This corpus will be our labeled training set. Using these ham/spam examples, we'll train a machine learning model to learn to discriminate between ham/spam automatically. Then, with a trained model, we'll be able to classify arbitrary unlabeled messages as ham or spam. It can be seen that the first word in each line is ham or spam and you will found the content of the sms after in the line. You will only perform text analytics on the content to detect the spam sms.

As a first step, we need to read the data from the sms.txt file and create the target and data list.

                #open the f i l e in the directory
                file = open("C:/data/sms.txt","r")
                line = file.readline()
                target =[ ]
                data =[ ]
                while 1:
                    # split each line in a list , the delimiters are removed
                    line = file.readline().split()
                    # stop reading when the len of the line is equal to zero
                    if len(line) ==0:
                        break
                    target.append(line[0])
                    del(line[0])
                    data.append(line)
                file.close()

As a second step, we need to create a dictionary of words and their frequency.

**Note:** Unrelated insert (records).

Lemma logterm_scale (t : R) (u : Z -> R) (n : Z) : 0 < t ->
  logterm q r c (scaleZ t u) n
  = Rpower t q * (r * ln t * (c n * apow (u n) q) + logterm q r c u n).
Proof.
  intros Ht; unfold logterm, scaleZ.
  destruct (Req_EM_T (u n) 0) as [Hu|Hu].
  - rewrite Hu, Rmult_0_r, apow_0.
    destruct (Req_EM_T 0 0); [ring | contradiction].
  - destruct (Req_EM_T (t * u n) 0) as [Htu|_].
    + apply Rmult_integral in Htu; lra.
    + rewrite apow_scale by exact Ht.
      unfold Rpower at 2 4; rewrite !ln_exp, Rabs_mult, (Rabs_pos_eq t) by lra.
      rewrite ln_mult by (try apply Rabs_pos_lt; assumption); ring.
Qed.

Lemma energy_density_scale (t : R) (u : Z -> R) (n : Z) : 0 < t ->
  energy_density (scaleZ t u) n = Rpower t p * energy_density u n.
Proof.
  intros Ht; unfold energy_density; rewrite Delta_scale; unfold scaleZ.
  rewrite !apow_scale by exact Ht; ring.
Qed.

Lemma normp_scale (t : R) (u : Z -> R) : 0 < t ->
  normp (scaleZ t u) = Rpower t p * normp u.
Proof.
  intros Ht; unfold normp; rewrite <- sumZ_scal.
  apply sumZ_ext; intros n; apply energy_density_scale, Ht.
Qed.

Section Bounds.

Variable u : Z -> R.
Hypothesis a_ge0 : forall n, 0 <= a n.
Hypothesis b_ge0 : forall n, 0 <= b n.
Hypothesis u_inE : inE p a b u.

Lemma energy_density_ge0 (n : Z) : 0 <= energy_density u n.
Proof.
  pose proof (a_ge0 n); pose proof (b_ge0 n).
  pose proof (apow_ge0 (Defs.Delta u n) p); pose proof (apow_ge0 (u n) p).
  unfold energy_density; nra.
Qed.

Lemma b_apow_le_normp (n : Z) : b n * apow (u n) p <= normp u.
Proof.
  apply Rle_trans with (energy_density u n).
  - pose proof (a_ge0 n); pose proof (apow_ge0 (Defs.Delta u n) p).
    unfold energy_density; nra.
  - exact (sumZ_term_le _ n energy_density_ge0 u_inE).
Qed.

Lemma normp_gt0 (n0 : Z) : 0 < b n0 -> u n0 <> 0 -> 0 < normp u.
Proof.
  intros Hb Hu; eapply Rlt_le_trans; [|apply b_apow_le_normp].
  apply Rmult_lt_0_compat; [exact Hb | apply apow_gt0, Hu].
Qed.

Lemma Rabs_le_normp (b0 : R) : 1 <= p -> 0 < b0 -> (forall n, b0 <= b n) ->
  forall n, Rabs (u n) <= 1 + normp u / b0.
Proof.
  intros Hp Hb0 Hb n.
  assert (Hterm : b0 * apow (u n) p <= normp u).
  { eapply Rle_trans; [|apply b_apow_le_normp].
    apply Rmult_le_compat_r; [apply apow_ge0 | apply Hb]. }
  assert (Hquot : apow (u n) p <= normp u / b0).
  { apply Rmult_le_reg_l with b0; [exact Hb0 | field_simplify; lra]. }
  pose proof (apow_ge0 (u n) p).
  destruct (Rle_lt_dec (Rabs (u n)) 1) as [Hle|Hgt]; [lra|].
  pose proof (Rabs_le_apow (u n) p Hp (Rlt_le _ _ Hgt)); lra.
Qed.

End Bounds.

Lemma qmass_gt0 (u : Z -> R) (n0 : Z) : (forall n, 0 < c n) ->
  summableZ (fun n => c n * apow (u n) q) -> u n0 <> 0 -> 0 < qmass u.
Proof.
  intros Hc Hsum Hu.
  apply Rlt_le_trans with (c n0 * apow (u n0) q).
  - apply Rmult_lt_0_compat; [apply Hc | apply apow_gt0, Hu].
  - apply (sumZ_term_le (fun n => c n * apow (u n) q)); [|exact Hsum].
    intros n; apply Rmult_le_pos; [left; apply Hc | apply apow_ge0].
Qed.

Section Ray.

Variable u : Z -> R.
Hypothesis qmass_summable : summableZ (fun n => c n * apow (u n) q).
Hypothesis u_inD : inD p q r a b c u.

Lemma logmass_scale (t : R) : 0 < t ->
  logmass (scaleZ t u) = Rpower t q * (r * ln t * qmass u + logmass u).
Proof.
  intros Ht; unfold logmass, qmass.
  rewrite (sumZ_ext _ _ (fun n => logterm_scale t u n Ht)), sumZ_scal, sumZ_plus, sumZ_scal.
  - reflexivity.
  - apply summableZ_scal, qmass_summable.
  - apply u_inD.
Qed.

Lemma inD_scale (t : R) : 0 < t -> inD p q r a b c (scaleZ t u).
Proof.
  intros Ht; destruct u_inD as [HE Hlog]; split.
  - apply summableZ_ext with (fun n => Rpower t p * energy_density u n).
    + intros n; symmetry; apply energy_density_scale, Ht.
    + apply summableZ_scal, HE.
  - apply summableZ_ext with (fun n =>
      Rpower t q * (r * ln t * (c n * apow (u n) q) + logterm q r c u n)).
    + intros n; symmetry; apply logterm_scale, Ht.
    + apply summableZ_scal, summableZ_plus; [apply summableZ_scal|]; assumption.
Qed.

For this task, training set of half sms is utilized.

            def make_Dictionary(traindir):
                allwords = []
                # create a list of all words
                # to do
                for i in range (len(data)):
                    for j in range (len(data[i])):
                        allwords += data [j]
                dictionary = Counter(allwords)
                # Paste code for non-word removal here
                return dictionary

Once the dictionary is created we can add just a few lines to the above function to remove non-words about which we talked in the first step. You have also to remove absurd single characters in the dictionary which are irrelevant here.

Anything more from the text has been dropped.